Planet Hulk runs about seventy minutes (you know, so the producers can sell it to kids television and make three easily installments) and those scenes I mentioned above hit around the fifty minute mark. Maybe five minutes sooner. Well, maybe even more for the flashback, but they aren’t in the first arc. It basically doesn’t have a first act, instead it just starts (it’s adapted from a comic book and they leave off the first arc near as I can tell).

It’s low-grade and ugly. I guess Marvel teamed with Lionsgate to produce animated movies on the cheap–the no-name cast (apparently Canadian) doesn’t help. The worst performance is probably Rick D. Wasserman as the Hulk. They should have gotten Lou Ferrigno. The best are Kevin Michael Richardson and Sam Vincent.

It’s a big dumb sci-fi movie. At its worst, it reminds of a Star Wars prequel (the comic book source character, removed from that medium, really don’t make a difference here); at its best, it provides for a decent diversion.
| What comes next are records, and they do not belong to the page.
Lemma quad_form_level_set E M U W n : 0 < E ->
  (exists a b, a ^ 2 * E = 1 /\ n = quad_form M U W a b)
  <-> exists t, n = quad_form M U W (/ sqrt E) t.
Proof.
  intro HE; split.
  - intros (a & b & Ha & ->).
    assert (Ha2 : a ^ 2 = (/ sqrt E) ^ 2).
    { rewrite inv_sqrt_sq by exact HE. field_simplify_eq; lra. }
    rewrite <- !Rsqr_pow2 in Ha2; destruct (Rsqr_eq _ _ Ha2) as [-> | ->].
    + now exists b.
    + exists (- b); apply quad_form_opp.
  - intros [t ->]; exists (/ sqrt E), t; split; [| reflexivity].
    rewrite inv_sqrt_sq by exact HE; field; lra.
Qed.

Lemma square_of_quadratic_coeffs al p0 p1 p2 q0 q1 q2 : al <> 0 ->
  (forall t, al * (p0 + p1 * t + p2 * t ^ 2) ^ 2 = q0 + q1 * t + q2 * t ^ 2) ->
  p2 = 0 /\ q2 = al * p1 ^ 2.
Proof.
  intros Hal H.
  pose proof (H (-2)); pose proof (H (-1)); pose proof (H 0); pose proof (H 1); pose proof (H 2).
  assert (Hp2 : al * p2 ^ 2 = 0) by lra.
  assert (p2 = 0).
  { destruct (Rmult_integral _ _ Hp2) as [| Hz]; [contradiction | nra]. }
  split; [assumption | subst p2; lra].
Qed.

Lemma nonneg_quadratic_onto_pos r0 r1 r2 :
  (forall t, 0 <= r0 + r1 * t + r2 * t ^ 2) ->
  (forall s, 0 <= s -> exists t, r0 + r1 * t + r2 * t ^ 2 = s) ->
  0 < r2.
Proof.
  intros Hpos Honto.
  destruct (Rtotal_order r2 0) as [Hneg | [Hz | Hp]]; [exfalso | exfalso | exact Hp].
  - destruct (Honto (r0 + r1 ^ 2 / - r2 + 1)) as [t Ht].
    { specialize (Hpos 0); assert (0 <= r1 ^ 2 / - r2) by (apply Rdiv_le_0_compat; nra).
      lra. }
    assert (Hscaled : - r2 * (r1 * t + r2 * t ^ 2) = r1 ^ 2 - r2).
    { replace (r1 * t + r2 * t ^ 2) with (r1 ^ 2 / - r2 + 1) by lra; field; lra. }
    nra.
  - subst r2.
    destruct (Honto (r0 + 1)) as [t Ht]; [specialize (Hpos 0); lra |].
    assert (Hr1 : r1 <> 0) by (intros ->; lra).
    specialize (Hpos (- (r0 + 1) / r1)).
    replace (r0 + r1 * (- (r0 + 1) / r1) + 0 * (- (r0 + 1) / r1) ^ 2) with (-1) in Hpos
      by (field; exact Hr1).
    lra.
Qed.

Lemma quad_form_coeff_in_plane M U W a V e d :
  (forall t, exists x y, quad_form M U W a t = vadd (vadd V (vscal x e)) (vscal y d)) ->
  exists x y, W = vadd (vscal x e) (vscal y d).
Proof.
  intro H.
  destruct (H 1) as (x1 & y1 & H1), (H (-1)) as (x2 & y2 & H2), (H 0) as (x0 & y0 & H0).
  exists ((x1 + x2) / 2 - x0), ((y1 + y2) / 2 - y0).
  replace W with (vscal (/ 2) (vscal 2 W)) by (R3_componentwise; field).
  rewrite (quad_form_second_difference M U W a), H1, H2, H0.
  R3_componentwise; field.
Qed.

Lemma dot_parabola_point V e1 va al s :
  dot e1 e1 = 1 -> dot va va = 1 -> dot e1 va = 0 ->
  let n := vadd (vadd V (vscal s e1)) (vscal (al * s ^ 2) va) in
  dot n e1 = dot V e1 + s /\ dot n va = dot V va + al * s ^ 2.
Proof.
  intros He1 Hva He1va n; unfold n.
  rewrite !dot_vadd_l, !dot_vscal_l, (dot_comm va e1), He1, He1va, Hva; split; ring.
Qed.

Lemma parabola_axis_quad_form (D : R3 -> Prop) M U W a va :
  (forall n, D n <-> exists t, n = quad_form M U W a t) ->
  parabola_axis D va -> exists w, 0 < w /\ W = vscal w va.
Proof.
  intros HD (V & e1 & al & Hal & He1 & Hva & He1va & HP).
  pose proof (dot_parabola_point V e1 va al) as Hpt; cbv zeta in Hpt.
  assert (Hmem : forall t, exists s,
             quad_form M U W a t = vadd (vadd V (vscal s e1)) (vscal (al * s ^ 2) va)).
  { intro t; apply HP, HD; now exists t. }
  (* The e1- and va-coordinates of the curve are quadratic in t and related by
     the equation of the parabola. *)
  assert (Hsq : forall t,
    al * ((a ^ 2 * dot M e1 - dot V e1) + 2 * a * dot U e1 * t + dot W e1 * t ^ 2) ^ 2
    = (a ^ 2 * dot M va - dot V va) + 2 * a * dot U va * t + dot W va * t ^ 2).
  { intro t; destruct (Hmem t) as [s Hs].
    destruct (Hpt s He1 Hva He1va) as [Hs1 Hs2]; rewrite <- Hs, dot_quad_form in Hs1, Hs2.
    replace ((a ^ 2 * dot M e1 - dot V e1) + 2 * a * dot U e1 * t + dot W e1 * t ^ 2)
      with s by lra.
    lra. }
  destruct (square_of_quadratic_coeffs _ _ _ _ _ _ _ (Rgt_not_eq _ _ Hal) Hsq) as [HWe1 HWva].
  assert (HUe1 : 2 * a * dot U e1 <> 0).
  { intro Hz; set (s := a ^ 2 * dot M e1 - dot V e1 + 1).
    destruct (proj1 (HD (vadd (vadd V (vscal s e1)) (vscal (al * s ^ 2) va))))
      as [t Ht]; [apply HP; now exists s |].
    destruct (Hpt s He1 Hva He1va) as [Hs _]; rewrite Ht, dot_quad_form, HWe1 in Hs.
    replace (2 * a * t * dot U e1) with (t * (2 * a * dot U e1)) in Hs by ring.
    rewrite Hz in Hs; unfold s in Hs; lra. }
  destruct (quad_form_coeff_in_plane M U W a V e1 va) as (x & y & HW).
  { intro t; destruct (Hmem t) as [s Hs]; now exists s, (al * s ^ 2). }
  assert (Hx : x = 0).
  { rewrite <- HWe1, HW, dot_vadd_l, !dot_vscal_l, (dot_comm va e1), He1, He1va; ring. }
  exists (dot W va); split.
  - rewrite HWva; apply Rmult_lt_0_compat; [exact Hal | now apply pow2_gt_0].
  - rewrite HW at 2; rewrite HW, Hx, dot_vadd_l, !dot_vscal_l, He1va, Hva.
    R3_componentwise; ring.
Qed.

Lemma halfline_dir_quad_form (D : R3 -> Prop) M U W a va :
  (forall n, D n <-> exists t, n = quad_form M U W a t) ->
  halfline_dir D va -> exists w, 0 < w /\ W = vscal w va.
Proof.
  intros HD (V & Hva & HL).
  assert (Hpt : forall s, dot (vadd V (vscal s va)) va = dot V va + s).
  { intro s; rewrite dot_vadd_l, dot_vscal_l, Hva; ring. }
  assert (Hmem : forall t, exists s, 0 <= s /\ quad_form M U W a t = vadd V (vscal s va)).
  { intro t; apply HL, HD; now exists t. }
  destruct (quad_form_coeff_in_plane M U W a V va va) as (x & y & HW).
  { intro t; destruct (Hmem t) as (s & _ & Hs); exists s, 0; rewrite Hs; R3_componentwise; ring. }
  assert (HWva : W = vscal (dot W va) va).
  { rewrite HW at 2; rewrite HW, dot_vadd_l, !dot_vscal_l, Hva; R3_componentwise; ring. }
  exists (dot W va); split; [| exact HWva].
  apply (nonneg_quadratic_onto_pos (a ^ 2 * dot M va - dot V va) (2 * a * dot U va)).
  - intro t; destruct (Hmem t) as (s & Hs0 & Hs).
    pose proof (Hpt s) as Hs'; rewrite <- Hs, dot_quad_form in Hs'; lra.
  - intros s Hs0; destruct (proj1 (HD (vadd V (vscal s va)))) as [t Ht].
    { apply HL; now exists s. }
    exists t; pose proof (Hpt s) as Hs'; rewrite Ht, dot_quad_form in Hs'; lra.
Qed.

Lemma axial_vector_quad_form (D : R3 -> Prop) E M U W va : 0 < E ->
  (forall n, D n <-> exists a b, a ^ 2 * E = 1 /\ n = quad_form M U W a b) ->
  axial_vector D va -> dot va va = 1 /\ exists w, 0 < w /\ W = vscal w va.
Proof.
  intros HE HD Hax.
  assert (HD' : forall n, D n <-> exists t, n = quad_form M U W (/ sqrt E) t).
  { intro n; rewrite HD; now apply quad_form_level_set. }
  destruct Hax as [Hax | Hax]; split.
  - now destruct Hax as (V & e1 & al & _ & _ & Hva & _).
  - exact (parabola_axis_quad_form D M U W _ va HD' Hax).
  - now destruct Hax as (V & Hva & _).
  - exact (halfline_dir_quad_form D M U W _ va HD' Hax).
Qed.

Lemma is_min_quadratic (S : R -> Prop) E A B w : 0 < E -> 0 < w ->
  (forall r, S r <-> exists a b, a ^ 2 * E = 1 /\ r = a ^ 2 * A + 2 * a * b * B + b ^ 2 * w) ->
  is_min S ((A * w - B ^ 2) / (E * w)).
Proof.
  intros HE Hw HS; split.
  - set (a := / sqrt E); assert (Ha : a ^ 2 = / E) by now apply inv_sqrt_sq.
    apply HS; exists a, (- a * B / w); split; [rewrite Ha; field; lra |].
    replace (a ^ 2 * A + 2 * a * (- a * B / w) * B + (- a * B / w) ^ 2 * w)
      with (a ^ 2 * (A - B ^ 2 / w)) by (field; lra).
    rewrite Ha; field; lra.
  - intros r Hr; apply HS in Hr; destruct Hr as (a & b & Ha & ->).
    assert (Ha' : a ^ 2 = / E) by (apply (Rmult_eq_reg_r E); [rewrite Ha, Rinv_l |]; lra).
    replace ((A * w - B ^ 2) / (E * w)) with (a ^ 2 * (A - B ^ 2 / w))
      by (rewrite Ha'; field; lra).
    assert (Hgap : a ^ 2 * A + 2 * a * b * B + b ^ 2 * w - a ^ 2 * (A - B ^ 2 / w)
                   = (a * B + b * w) ^ 2 / w) by (field; lra).
    assert (0 <= (a * B + b * w) ^ 2 / w) by (apply Rdiv_le_0_compat; [apply pow2_ge_0 | lra]).
    lra.
Qed.

Lemma axial_curvature_formula (a x y z va : R3) (w : R) :
  0 < dot a a -> 0 < w -> dot va va = 1 -> perp_part a z = vscal w va ->
  ((dot x a * dot a z - dot a a * dot x z) * (dot a z ^ 2 - dot a a * dot z z)
     - (dot y a * dot a z - dot a a * dot y z) ^ 2)
  / sqrt (dot a a * (dot a a * dot z z - dot a z ^ 2)) ^ 3
  = (dot (perp_part a x) va * w - dot (perp_part a y) va ^ 2) / (dot a a * w).
Proof.
  intros Ha Hw Hva HW.
  (* Each dot product with z is a Gram product with the orthogonal part w va of z. *)
  assert (Hperp : forall p, dot p z = w * dot (perp_part a p) va + dot p a * dot z a / dot a a).
  { intro p; rewrite <- dot_vscal_r, <- HW, dot_perp_part by exact Ha; field; lra. }
  assert (Hzz : dot z z = w ^ 2 + dot z a ^ 2 / dot a a).
  { rewrite Hperp, HW, dot_vscal_l, Hva; field; lra. }
  rewrite (dot_comm a z), (Hperp x), (Hperp y), Hzz.
  replace (dot a a * (dot a a * (w ^ 2 + dot z a ^ 2 / dot a a) - dot z a ^ 2))
    with ((dot a a * w) ^ 2) by (field; lra).
  rewrite sqrt_pow2 by (apply Rmult_le_pos; lra).
  field; lra.
Qed.

Section VanishingFv.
The writing’s nearly strong at times.

Terrible opening though, just awful.

1/4

CREDITS

Directed by Sam Liu; screenplay by Greg Johnson, based on a story by Johnson, Craig Kyle and Joshua Fine and on the Marvel comic book by Greg Pak and Carlo Pagulayan and the Marvel comic book character created by Stan Lee and Jack Kirby; edited by George Rizkallah; music by Guy Michelmore; produced by Frank Paur; released by Lionsgate.

Starring Rick D. Wasserman (Hulk), Lisa Ann Beley (Caiera), Mark Hildreth (Red King), Liam O’Brien (Hiroim), Kevin Michael Richardson (Korg), Samuel Vincent (Miek), Advah Soudack (Elloe Kaifi), Michael Kopsa (Lavin Skee), Paul Dobson (Beta Ray Bill) and Marc Worden (Iron Man).